Although older adults are more likely to use prescription drugs and therapies, they are often excluded from and thus underrepresented in clinical trials, including Alzheimer’s Disease (AD) trials7,8, due to overly restricted trial eligibility criteria.913 For example, Hutchins et al reported that patients over 65 years old were underrepresented in cancer treatment trials.11 A recent study from Hsu et al discovered that the older rectal cancer patients were more likely to be excluded from the RCTs.12 Older adults were also excluded from AD drug trials despite being the primary target population of these AD drugs. AD patients over 80 years old were reported to be rarely included in AD drug trials.7 Gill et al. found that less than half of the elder donepezil (an FDA approved medication for AD) takers were eligible for the trials of the medication.8 There is a need for exploring and measuring the impact of eligibility criteria on the population representation of clinical trials.

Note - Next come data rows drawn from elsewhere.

Definition bern_pmf (y : R) : R := if y == 1 then p else if y == 0 then 1 - p else 0.

Lemma bern_pmf0 : bern_pmf 0 = 1 - p. Proof. by rewrite /bern_pmf zeror_eq1 eqxx. Qed.
Lemma bern_pmf1 : bern_pmf 1 = p. Proof. by rewrite /bern_pmf eqxx. Qed.

Lemma prob_X_eq t y : prob (X t @^-1` [set y]) = bern_pmf y.
Proof.
have X_eq0 : prob (X t @^-1` [set 0]) = 1 - p.
  have := prob_X_le t 0; rewrite /bernoulli_cdf ltxx ltr01 => <-.
  apply: prob_ae_eq; [exact: measurable_X1|exact: measurable_X_le|].
  apply: filterS X01 => w /(_ t) X01w /=; rewrite in_itv /=.
  by split => [->//|]; case: X01w => -> //; rewrite ler10.
have [->|y0] := eqVneq y 0; first by rewrite bern_pmf0.
have [->|y1] := eqVneq y 1.
  have := prob_X_split measurable_X X01 t (@measurableT _ Omega).
  rewrite !setTI prob_setT X_eq0 bern_pmf1; lra.
by rewrite (prob_X_eq0 measurable_X X01)// /bern_pmf (negbTE y1) (negbTE y0).
Qed.

Definition lam := 1 - (1 - a) / Num.max p (1 - p).

Definition trans n (i j : R) := bern_pmf j + lam ^+ n * ((i == j)%:R - bern_pmf j).

Lemma mix_copula_bern00 : mix_copula a (1 - p) (1 - p) = (1 - p) * ((1 - p) + lam * p).
Proof.
have /andP[p0 p1] := p01; rewrite /mix_copula /lam minxx.
by case: (leP p (1 - p)) => lep; [rewrite max_l; last lra|rewrite max_r; last lra];
  field; apply/eqP; lra.
Qed.

Lemma prob_X00 t :
  prob (X t @^-1` [set 0] `&` X t.+1 @^-1` [set 0]) = (1 - p) * ((1 - p) + lam * p).
Proof.
case: copula => _ [_ /(_ t 0 0)]; rewrite /bernoulli_cdf ltxx ltr01 mix_copula_bern00 => <-.
apply: prob_ae_eq.
- exact: measurableI.
- exact: measurableI.
apply: filterS X01 => w X01w /=; rewrite !in_itv /=.
split => [[-> ->]//|[Xt Xt1]].
by case: (X01w t) (X01w t.+1) Xt Xt1 => -> [] -> //; rewrite ler10.
Qed.

Lemma prob_X_step t i j : prob (X t @^-1` [set i] `&` X t.+1 @^-1` [set j]) =
  prob (X t @^-1` [set i]) * trans 1 i j.
Proof.
have mXX k l : measurable (X t @^-1` [set k] `&` X t.+1 @^-1` [set l]).
  exact: measurableI.
have [i01|/norP[i0 i1]] := boolP ((i == 0) || (i == 1)); last first.
  have Xi0 := prob_X_eq0 measurable_X X01 t i0 i1.
  by rewrite Xi0 mul0r; apply: (subset_prob0 _ _ _ Xi0).
have [j01|/norP[j0 j1]] := boolP ((j == 0) || (j == 1)); last first.
  have ij : (i == j) = false.
    by case/orP: i01 => /eqP ->; rewrite eq_sym ?(negbTE j0) ?(negbTE j1).
  rewrite /trans /bern_pmf (negbTE j1) (negbTE j0) ij subr0 mulr0 addr0 mulr0.
  by apply: (subset_prob0 _ _ _ (prob_X_eq0 measurable_X X01 t.+1 j0 j1)).
have split_t k y := prob_X_split measurable_X X01 k (measurable_X1 t y).
have Xt0 := split_t t.+1 0; have Xt1 := split_t t.+1 1.
have Xs0 := prob_X_split measurable_X X01 t (measurable_X1 t.+1 0).
rewrite setIC [X in _ + prob X]setIC in Xs0.
rewrite !prob_X_eq bern_pmf0 bern_pmf1 prob_X00 in Xt0 Xt1 Xs0.
rewrite prob_X_eq /trans expr1.
by case/orP: i01 => /eqP ->; case/orP: j01 => /eqP ->;
  rewrite ?bern_pmf0 ?bern_pmf1 ?prob_X00 ?eqxx ?zeror_eq1 ?oner_eq0 /=; lra.
Qed.
Lemma absb_pcons_ellH : absb (pcons c b) =
  absb b + 2 * ellH b + 2 * dH (pcons c b) 1 + delta (pcons c b) 1 + 2 * delta b 1%N.
Proof.
have [N bN] := inP_agrees Pb.
have delta_end : delta b N.+1 = 0 by rewrite /delta bN ?subrr.
rewrite (absb_from (pcons_inP c_le3 Pb) (pcons_agrees c bN)) (absb_from Pb bN).
have sum_delta : \sum_(1 <= j < N.+1) delta (pcons c b) j.+1 = - \sum_(1 <= j < N.+1) delta b j.
  by rewrite -sumrN; apply: eq_big_nat => j /andP[j1 _]; apply: delta_pcons.
have sum_dH : \sum_(1 <= j < N.+1) (j.+1%:Z * dH (pcons c b) j.+1) =
    \sum_(1 <= j < N.+1) (j%:Z * dH b j) + \sum_(1 <= j < N.+1) dH b j +
    \sum_(1 <= j < N.+1) (j.+1%:Z * (delta b j - delta b j.+1)).
  rewrite -!big_split; apply: eq_big_nat => j /andP[j1 _].
  by rewrite dH_pcons // intS /=; ring.
rewrite (ellH_from Pb bN) [\sum_(1 <= k < N.+2) delta _ k]big_nat_recl //.
rewrite [\sum_(1 <= k < N.+2) (_ * _)]big_nat_recl // sum_delta sum_dH.
by rewrite sum_weighted_telescope delta_end; ring.
Qed.

Lemma ell_pcons : ell (pcons c b) = ell b + dist c (b 1%N).
Proof.
by rewrite /ell ellH_pcons -(H_head_dist c_le3 (b_le3 1)) /dH /delta /g /=; ring.
Qed.

Lemma absb_pcons : absb (pcons c b) = absb b + ell b + dist c (b 1%N).
Proof.
by rewrite absb_pcons_ellH /ell -(H_head_dist c_le3 (b_le3 1)) /dH /delta /g /=; ring.
Qed.
End Prepend.
(* Suppose $f$ is twice differentiable at every point of $\mathbb{R}^{n\times p}$, and let $X\in\mathcal{S}_{n,p}$ be a first-order stationary point of (OCP). Then every eigenvalue of $\mathrm{hess} f(X)$ is an eigenvalue of $\nabla^2h(X)$; conversely, every eigenvalue of $\nabla^2h(X)$ is either an eigenvalue of $\mathrm{hess} f(X)$ or is at least $2\beta-M_2$.
   Context: $f:\mathbb{R}^{n\times p}\to\mathbb{R}$ ($n\ge p$) is differentiable with $f,\nabla f$ locally Lipschitz. (OCP): $\min f(X)$ s.t. $X^\top X=I_p$; $\mathcal{S}_{n,p}=\{X:X^\top X=I_p\}$. $\langle A,B\rangle=\mathrm{tr}(A^\top B)$, $\Phi(M):=\frac12(M+M^\top)$. For $X\in\mathcal{S}_{n,p}$, $\mathcal{T}_X:=\{D:\Phi(D^\top X)=0\}$ and $\mathcal{P}_{\mathcal{T}_X}(W):=W-X\Phi(X^\top W)$ is the orthogonal projection onto $\mathcal{T}_X$. $X\in\mathcal{S}_{n,p}$ is a first-order stationary point of (OCP) if $\nabla f(X)-X\Phi(X^\top\nabla f(X))=0$. The Riemannian Hessian $\mathrm{hess} f(X):\mathcal{T}_X\to\mathcal{T}_X$ is $\mathrm{hess} f(X)[D]:=\mathcal{P}_{\mathcal{T}_X}\big(\nabla^2f(X)[D]-D\Phi(X^\top\nabla f(X))\big)$, so that $\langle D_1,\mathrm{hess} f(X)[D_2]\rangle=\langle D_1,\nabla^2f(X)[D_2]-D_2\Phi(X^\top\nabla f(X))\rangle$ for $D_1,D_2\in\mathcal{T}_X$. $\mathcal{A}(X):=\frac32I_p-\frac12X^\top X$, $g(X):=f(X\mathcal{A}(X))$, $h(X):=g(X)+\frac\beta4\|X^\top X-I_p\|_F^2$ with $\beta>0$; $\nabla^2h(X)$ is viewed as a linear operator on $\mathbb{R}^{n\times p}$. $\Omega:=\{X:\|X\|_2\le1+\frac1{12}\}$, $M_2:=\sup_{X\ne Y\in\Omega}\frac{\|\nabla g(X)-\nabla g(Y)\|_F}{\|X-Y\|_F}$. *)

From HB Require Import structures.
From mathcomp Require Import all_boot all_order all_algebra.
From mathcomp Require Import all_classical all_reals all_analysis.
Set Implicit Arguments. Unset Strict Implicit. Unset Printing Implicit Defensive.
Import Order.TTheory GRing.Theory Num.Theory.
Import numFieldNormedType.Exports.
Local Open Scope classical_set_scope.
Local Open Scope ring_scope.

In the past decade, the emergence of electronic health records (EHRs) has made real-world clinical data available for investigating the influence of eligibility criteria on trial participants.5,1418 EHRs are real-time, patient-centered medical records that can be accessed instantly and securely by authorized users.19 EHRs have been widely adopted in the development of eligibility criteria20,21 and research on population representation22 in clinical trials. In a global Phase III endocrinology study, the stockholder used EHRs to identify an eligibility criterion based on a particular background medication resulted in the exclusion of a significant proportion of patients from the trial.23 EHRs provide the opportunity to examine the issue of underrepresentation of older adults in AD trials via data-driven methods for potential solutions.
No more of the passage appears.